■ Exercise brief: Where does "filterS" appear in the data? Return each line that holds it.

BEGIN Given data

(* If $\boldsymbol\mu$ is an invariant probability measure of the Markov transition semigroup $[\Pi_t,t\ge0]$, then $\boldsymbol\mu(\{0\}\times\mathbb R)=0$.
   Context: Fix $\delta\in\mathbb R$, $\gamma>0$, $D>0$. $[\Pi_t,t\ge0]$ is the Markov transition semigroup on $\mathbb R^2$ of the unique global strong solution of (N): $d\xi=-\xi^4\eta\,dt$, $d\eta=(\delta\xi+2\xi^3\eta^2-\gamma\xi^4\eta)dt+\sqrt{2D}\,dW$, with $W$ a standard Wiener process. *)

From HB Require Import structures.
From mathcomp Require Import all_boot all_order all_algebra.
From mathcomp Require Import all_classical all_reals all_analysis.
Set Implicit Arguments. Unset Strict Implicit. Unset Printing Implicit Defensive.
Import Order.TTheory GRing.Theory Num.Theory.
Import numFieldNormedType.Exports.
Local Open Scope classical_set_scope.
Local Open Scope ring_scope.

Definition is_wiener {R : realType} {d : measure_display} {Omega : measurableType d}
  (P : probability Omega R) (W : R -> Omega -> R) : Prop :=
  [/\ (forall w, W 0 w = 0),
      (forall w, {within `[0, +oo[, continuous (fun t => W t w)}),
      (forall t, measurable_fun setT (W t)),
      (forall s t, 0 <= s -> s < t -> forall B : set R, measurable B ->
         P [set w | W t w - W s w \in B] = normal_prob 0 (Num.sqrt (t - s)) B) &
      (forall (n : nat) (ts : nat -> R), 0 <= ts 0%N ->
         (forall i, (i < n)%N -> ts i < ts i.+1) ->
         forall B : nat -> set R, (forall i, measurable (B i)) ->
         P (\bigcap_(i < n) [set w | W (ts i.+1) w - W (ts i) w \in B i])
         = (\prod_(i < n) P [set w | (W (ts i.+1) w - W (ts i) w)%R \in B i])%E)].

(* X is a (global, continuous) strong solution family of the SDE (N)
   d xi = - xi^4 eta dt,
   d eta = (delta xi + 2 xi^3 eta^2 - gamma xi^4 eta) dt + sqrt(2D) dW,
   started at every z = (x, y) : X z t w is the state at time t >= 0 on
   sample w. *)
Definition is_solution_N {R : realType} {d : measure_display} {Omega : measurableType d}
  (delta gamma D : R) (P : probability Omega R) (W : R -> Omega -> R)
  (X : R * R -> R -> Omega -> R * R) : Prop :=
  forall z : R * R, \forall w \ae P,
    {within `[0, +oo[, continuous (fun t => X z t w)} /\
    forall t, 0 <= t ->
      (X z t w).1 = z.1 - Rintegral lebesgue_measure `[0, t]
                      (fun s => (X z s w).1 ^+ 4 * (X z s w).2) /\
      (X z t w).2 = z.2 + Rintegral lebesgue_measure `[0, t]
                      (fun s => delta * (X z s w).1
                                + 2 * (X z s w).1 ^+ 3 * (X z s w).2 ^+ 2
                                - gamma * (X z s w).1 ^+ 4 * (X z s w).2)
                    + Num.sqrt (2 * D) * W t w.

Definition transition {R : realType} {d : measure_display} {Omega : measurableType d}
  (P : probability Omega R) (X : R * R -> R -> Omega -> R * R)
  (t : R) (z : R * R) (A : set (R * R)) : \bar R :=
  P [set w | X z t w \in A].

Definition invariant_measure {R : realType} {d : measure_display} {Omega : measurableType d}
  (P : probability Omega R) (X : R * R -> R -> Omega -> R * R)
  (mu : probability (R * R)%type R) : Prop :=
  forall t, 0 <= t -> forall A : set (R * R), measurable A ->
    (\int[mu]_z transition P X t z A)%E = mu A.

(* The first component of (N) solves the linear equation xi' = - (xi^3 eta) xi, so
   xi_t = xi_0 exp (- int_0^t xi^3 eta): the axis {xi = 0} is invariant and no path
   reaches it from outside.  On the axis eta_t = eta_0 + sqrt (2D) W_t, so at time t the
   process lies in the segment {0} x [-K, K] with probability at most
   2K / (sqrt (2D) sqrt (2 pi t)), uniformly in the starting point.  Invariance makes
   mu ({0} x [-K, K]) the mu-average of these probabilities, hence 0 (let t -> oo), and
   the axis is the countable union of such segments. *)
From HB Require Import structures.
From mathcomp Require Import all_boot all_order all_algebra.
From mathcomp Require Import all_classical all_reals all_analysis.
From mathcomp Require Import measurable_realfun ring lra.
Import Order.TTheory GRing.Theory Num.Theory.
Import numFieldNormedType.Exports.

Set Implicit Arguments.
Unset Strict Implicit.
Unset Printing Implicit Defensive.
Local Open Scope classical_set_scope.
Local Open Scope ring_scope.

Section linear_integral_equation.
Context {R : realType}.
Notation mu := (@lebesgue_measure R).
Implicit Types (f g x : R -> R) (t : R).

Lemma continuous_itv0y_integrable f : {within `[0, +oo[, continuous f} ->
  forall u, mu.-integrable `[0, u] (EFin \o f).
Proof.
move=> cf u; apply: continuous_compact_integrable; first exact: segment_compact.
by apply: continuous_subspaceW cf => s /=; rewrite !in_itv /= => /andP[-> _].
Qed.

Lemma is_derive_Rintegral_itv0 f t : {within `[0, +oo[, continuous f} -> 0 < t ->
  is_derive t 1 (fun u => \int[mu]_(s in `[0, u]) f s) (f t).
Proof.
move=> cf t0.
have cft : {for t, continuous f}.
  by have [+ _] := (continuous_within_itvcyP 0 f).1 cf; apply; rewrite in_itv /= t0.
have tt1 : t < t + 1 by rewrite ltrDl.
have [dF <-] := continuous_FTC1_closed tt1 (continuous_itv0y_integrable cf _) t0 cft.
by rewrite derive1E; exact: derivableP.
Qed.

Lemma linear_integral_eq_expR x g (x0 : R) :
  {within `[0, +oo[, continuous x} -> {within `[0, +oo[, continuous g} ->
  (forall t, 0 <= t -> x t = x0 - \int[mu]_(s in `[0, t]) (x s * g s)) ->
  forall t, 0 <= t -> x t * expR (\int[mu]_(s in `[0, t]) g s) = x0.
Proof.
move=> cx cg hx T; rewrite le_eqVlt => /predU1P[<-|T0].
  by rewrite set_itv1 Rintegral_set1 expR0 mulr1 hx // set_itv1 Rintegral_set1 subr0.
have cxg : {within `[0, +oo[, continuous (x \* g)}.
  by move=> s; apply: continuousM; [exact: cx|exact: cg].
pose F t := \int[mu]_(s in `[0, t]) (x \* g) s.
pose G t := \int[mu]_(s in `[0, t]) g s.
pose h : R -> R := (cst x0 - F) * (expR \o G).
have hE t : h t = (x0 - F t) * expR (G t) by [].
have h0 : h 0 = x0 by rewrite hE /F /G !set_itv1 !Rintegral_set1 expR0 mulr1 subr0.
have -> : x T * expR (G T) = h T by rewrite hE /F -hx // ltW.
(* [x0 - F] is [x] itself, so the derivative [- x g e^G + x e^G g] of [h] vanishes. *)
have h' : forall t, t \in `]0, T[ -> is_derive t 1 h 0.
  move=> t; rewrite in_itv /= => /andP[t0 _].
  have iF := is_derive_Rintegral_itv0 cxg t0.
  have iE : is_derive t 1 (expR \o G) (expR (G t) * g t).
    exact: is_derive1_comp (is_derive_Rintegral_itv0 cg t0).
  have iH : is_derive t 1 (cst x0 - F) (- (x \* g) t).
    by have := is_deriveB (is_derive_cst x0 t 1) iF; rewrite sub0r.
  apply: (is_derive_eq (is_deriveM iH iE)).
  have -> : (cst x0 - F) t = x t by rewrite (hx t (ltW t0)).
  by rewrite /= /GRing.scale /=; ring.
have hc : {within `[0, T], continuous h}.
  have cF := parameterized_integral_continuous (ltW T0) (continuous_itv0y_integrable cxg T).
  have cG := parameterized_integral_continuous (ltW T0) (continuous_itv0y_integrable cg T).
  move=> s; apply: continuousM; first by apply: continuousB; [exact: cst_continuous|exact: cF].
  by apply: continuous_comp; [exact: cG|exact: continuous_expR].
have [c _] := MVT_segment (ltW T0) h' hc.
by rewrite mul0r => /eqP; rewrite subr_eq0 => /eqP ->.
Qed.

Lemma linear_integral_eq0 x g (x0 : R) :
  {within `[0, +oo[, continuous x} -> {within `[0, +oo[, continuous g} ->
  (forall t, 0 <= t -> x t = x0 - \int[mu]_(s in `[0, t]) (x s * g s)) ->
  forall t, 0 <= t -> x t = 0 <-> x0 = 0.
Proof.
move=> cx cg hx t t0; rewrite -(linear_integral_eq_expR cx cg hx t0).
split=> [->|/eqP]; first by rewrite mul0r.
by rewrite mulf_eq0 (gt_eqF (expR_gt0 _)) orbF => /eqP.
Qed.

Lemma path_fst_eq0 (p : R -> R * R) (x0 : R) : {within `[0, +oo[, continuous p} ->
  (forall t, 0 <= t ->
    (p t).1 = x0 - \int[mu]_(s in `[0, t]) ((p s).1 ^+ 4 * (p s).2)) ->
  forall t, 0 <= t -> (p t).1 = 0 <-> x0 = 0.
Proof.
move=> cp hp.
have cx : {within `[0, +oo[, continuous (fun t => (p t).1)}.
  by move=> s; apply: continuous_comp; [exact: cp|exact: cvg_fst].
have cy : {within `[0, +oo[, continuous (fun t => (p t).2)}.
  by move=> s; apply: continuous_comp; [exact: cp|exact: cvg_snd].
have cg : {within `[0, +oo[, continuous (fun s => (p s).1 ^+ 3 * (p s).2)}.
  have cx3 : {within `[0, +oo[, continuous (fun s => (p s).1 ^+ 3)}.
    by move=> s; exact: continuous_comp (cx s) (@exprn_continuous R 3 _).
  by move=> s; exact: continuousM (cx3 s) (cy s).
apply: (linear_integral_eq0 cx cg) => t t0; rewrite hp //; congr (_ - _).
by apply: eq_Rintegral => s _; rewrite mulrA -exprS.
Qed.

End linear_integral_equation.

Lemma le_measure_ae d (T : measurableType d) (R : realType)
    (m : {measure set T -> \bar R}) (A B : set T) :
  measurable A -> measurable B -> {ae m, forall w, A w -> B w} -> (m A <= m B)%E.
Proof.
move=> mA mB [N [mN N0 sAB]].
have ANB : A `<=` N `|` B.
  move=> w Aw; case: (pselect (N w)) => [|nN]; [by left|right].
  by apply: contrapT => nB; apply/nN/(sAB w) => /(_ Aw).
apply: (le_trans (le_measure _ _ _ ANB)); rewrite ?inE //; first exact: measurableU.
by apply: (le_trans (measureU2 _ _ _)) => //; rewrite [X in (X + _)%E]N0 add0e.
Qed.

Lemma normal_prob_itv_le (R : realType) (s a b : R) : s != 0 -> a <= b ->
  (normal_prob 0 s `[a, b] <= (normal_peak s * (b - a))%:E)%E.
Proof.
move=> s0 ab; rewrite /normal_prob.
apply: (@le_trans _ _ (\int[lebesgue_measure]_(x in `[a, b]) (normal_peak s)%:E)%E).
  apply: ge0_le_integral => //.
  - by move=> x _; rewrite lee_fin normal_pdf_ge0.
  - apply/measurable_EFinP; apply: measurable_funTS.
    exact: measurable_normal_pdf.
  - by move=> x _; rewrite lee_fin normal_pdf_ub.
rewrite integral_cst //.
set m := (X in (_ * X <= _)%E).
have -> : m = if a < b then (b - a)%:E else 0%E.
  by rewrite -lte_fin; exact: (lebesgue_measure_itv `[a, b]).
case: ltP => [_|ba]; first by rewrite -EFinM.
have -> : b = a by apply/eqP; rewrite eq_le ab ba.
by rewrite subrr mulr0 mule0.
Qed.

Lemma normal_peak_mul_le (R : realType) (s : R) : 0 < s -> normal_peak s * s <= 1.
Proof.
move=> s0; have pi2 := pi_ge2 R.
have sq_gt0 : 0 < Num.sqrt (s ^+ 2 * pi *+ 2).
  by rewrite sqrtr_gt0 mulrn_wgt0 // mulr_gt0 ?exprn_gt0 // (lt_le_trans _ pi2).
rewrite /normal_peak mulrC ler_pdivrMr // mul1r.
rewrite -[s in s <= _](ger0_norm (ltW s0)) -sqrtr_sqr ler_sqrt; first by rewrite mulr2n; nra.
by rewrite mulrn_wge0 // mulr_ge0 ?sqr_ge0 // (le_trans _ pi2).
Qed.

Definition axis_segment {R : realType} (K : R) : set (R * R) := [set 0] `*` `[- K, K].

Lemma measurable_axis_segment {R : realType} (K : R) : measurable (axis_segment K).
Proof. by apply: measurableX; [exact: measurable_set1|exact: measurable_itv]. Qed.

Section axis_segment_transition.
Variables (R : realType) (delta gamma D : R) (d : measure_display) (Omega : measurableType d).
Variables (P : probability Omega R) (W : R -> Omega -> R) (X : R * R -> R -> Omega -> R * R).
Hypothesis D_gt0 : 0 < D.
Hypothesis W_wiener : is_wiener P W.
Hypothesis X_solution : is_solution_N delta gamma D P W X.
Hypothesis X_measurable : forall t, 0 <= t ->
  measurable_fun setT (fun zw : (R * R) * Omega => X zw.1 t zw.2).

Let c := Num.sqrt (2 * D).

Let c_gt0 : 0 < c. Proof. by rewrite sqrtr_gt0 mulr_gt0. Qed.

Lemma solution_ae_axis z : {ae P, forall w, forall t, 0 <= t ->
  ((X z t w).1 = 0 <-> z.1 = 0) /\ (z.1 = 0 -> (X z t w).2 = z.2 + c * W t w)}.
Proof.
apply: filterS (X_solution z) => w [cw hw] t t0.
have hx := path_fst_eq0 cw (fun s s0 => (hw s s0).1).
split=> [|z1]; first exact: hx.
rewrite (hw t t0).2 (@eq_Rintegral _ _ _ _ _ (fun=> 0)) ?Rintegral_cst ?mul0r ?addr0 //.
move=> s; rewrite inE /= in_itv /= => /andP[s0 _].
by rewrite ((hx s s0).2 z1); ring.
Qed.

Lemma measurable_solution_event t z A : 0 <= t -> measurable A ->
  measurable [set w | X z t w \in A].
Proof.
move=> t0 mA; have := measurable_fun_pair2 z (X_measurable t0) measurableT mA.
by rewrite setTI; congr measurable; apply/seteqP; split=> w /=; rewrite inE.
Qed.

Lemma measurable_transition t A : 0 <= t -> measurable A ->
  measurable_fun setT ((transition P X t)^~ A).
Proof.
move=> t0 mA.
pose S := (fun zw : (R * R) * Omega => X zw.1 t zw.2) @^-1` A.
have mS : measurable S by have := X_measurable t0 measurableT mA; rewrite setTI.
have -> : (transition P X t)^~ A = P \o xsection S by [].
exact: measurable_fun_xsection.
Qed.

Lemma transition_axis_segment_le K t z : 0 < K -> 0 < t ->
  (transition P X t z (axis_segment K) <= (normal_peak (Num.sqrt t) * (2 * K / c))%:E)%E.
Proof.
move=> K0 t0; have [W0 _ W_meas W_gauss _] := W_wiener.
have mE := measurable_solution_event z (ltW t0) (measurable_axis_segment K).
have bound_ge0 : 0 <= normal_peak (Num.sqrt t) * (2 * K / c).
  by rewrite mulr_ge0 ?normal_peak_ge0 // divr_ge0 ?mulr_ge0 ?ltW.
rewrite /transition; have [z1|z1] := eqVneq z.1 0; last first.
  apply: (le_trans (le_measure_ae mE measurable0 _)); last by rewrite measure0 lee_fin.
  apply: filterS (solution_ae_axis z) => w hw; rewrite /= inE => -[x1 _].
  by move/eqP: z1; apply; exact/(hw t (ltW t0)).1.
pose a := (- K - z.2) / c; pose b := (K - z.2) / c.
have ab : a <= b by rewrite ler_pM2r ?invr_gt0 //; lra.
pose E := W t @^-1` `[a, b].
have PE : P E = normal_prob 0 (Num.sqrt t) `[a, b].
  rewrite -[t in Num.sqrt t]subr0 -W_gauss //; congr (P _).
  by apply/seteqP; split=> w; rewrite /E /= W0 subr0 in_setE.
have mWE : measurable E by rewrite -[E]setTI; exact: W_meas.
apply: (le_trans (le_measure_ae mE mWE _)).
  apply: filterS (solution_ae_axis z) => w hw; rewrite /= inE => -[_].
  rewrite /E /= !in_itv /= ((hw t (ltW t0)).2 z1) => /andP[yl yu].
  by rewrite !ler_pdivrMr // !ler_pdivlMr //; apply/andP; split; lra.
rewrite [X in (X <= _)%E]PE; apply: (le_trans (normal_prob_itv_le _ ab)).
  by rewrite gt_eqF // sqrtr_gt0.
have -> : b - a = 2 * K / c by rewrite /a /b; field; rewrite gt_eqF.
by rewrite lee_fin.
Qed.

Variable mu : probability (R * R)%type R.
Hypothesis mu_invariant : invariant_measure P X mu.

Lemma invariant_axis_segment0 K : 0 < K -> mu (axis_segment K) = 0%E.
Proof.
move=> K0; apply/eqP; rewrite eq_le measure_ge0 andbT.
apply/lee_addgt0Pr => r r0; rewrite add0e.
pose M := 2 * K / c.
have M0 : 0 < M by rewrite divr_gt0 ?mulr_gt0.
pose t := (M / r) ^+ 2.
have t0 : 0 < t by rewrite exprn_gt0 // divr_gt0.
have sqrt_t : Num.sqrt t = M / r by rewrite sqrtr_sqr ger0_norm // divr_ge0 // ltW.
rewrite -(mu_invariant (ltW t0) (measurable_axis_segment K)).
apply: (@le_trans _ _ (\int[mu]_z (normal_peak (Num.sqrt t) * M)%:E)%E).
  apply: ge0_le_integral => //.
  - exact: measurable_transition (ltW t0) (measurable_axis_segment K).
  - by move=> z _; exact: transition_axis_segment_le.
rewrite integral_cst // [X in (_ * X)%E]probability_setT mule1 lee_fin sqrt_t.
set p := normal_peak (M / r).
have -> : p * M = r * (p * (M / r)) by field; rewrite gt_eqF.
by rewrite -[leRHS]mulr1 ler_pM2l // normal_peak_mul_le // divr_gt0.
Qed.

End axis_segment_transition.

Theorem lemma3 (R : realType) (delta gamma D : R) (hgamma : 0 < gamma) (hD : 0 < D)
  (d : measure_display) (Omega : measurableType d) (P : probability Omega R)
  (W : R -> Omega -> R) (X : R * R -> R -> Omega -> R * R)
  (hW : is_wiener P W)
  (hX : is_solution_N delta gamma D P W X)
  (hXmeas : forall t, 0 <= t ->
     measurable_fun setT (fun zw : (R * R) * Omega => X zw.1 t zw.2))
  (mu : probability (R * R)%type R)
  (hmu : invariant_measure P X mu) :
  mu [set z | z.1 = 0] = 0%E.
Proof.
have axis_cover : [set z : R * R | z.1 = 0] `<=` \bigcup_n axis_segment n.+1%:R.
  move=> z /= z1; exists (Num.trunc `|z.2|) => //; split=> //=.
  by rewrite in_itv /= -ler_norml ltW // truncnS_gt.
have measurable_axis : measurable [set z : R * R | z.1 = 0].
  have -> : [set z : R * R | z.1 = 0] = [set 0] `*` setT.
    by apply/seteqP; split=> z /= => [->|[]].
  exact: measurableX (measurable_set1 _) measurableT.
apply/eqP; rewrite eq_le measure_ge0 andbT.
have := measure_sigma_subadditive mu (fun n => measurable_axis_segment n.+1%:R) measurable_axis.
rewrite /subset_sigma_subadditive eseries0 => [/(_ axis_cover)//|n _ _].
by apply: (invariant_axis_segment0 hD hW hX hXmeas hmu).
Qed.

END Given data

■ Response to the task:
apply: filterS (X_solution z) => w [cw hw] t t0.
  apply: filterS (solution_ae_axis z) => w hw; rewrite /= inE => -[x1 _].
  apply: filterS (solution_ae_axis z) => w hw; rewrite /= inE => -[_].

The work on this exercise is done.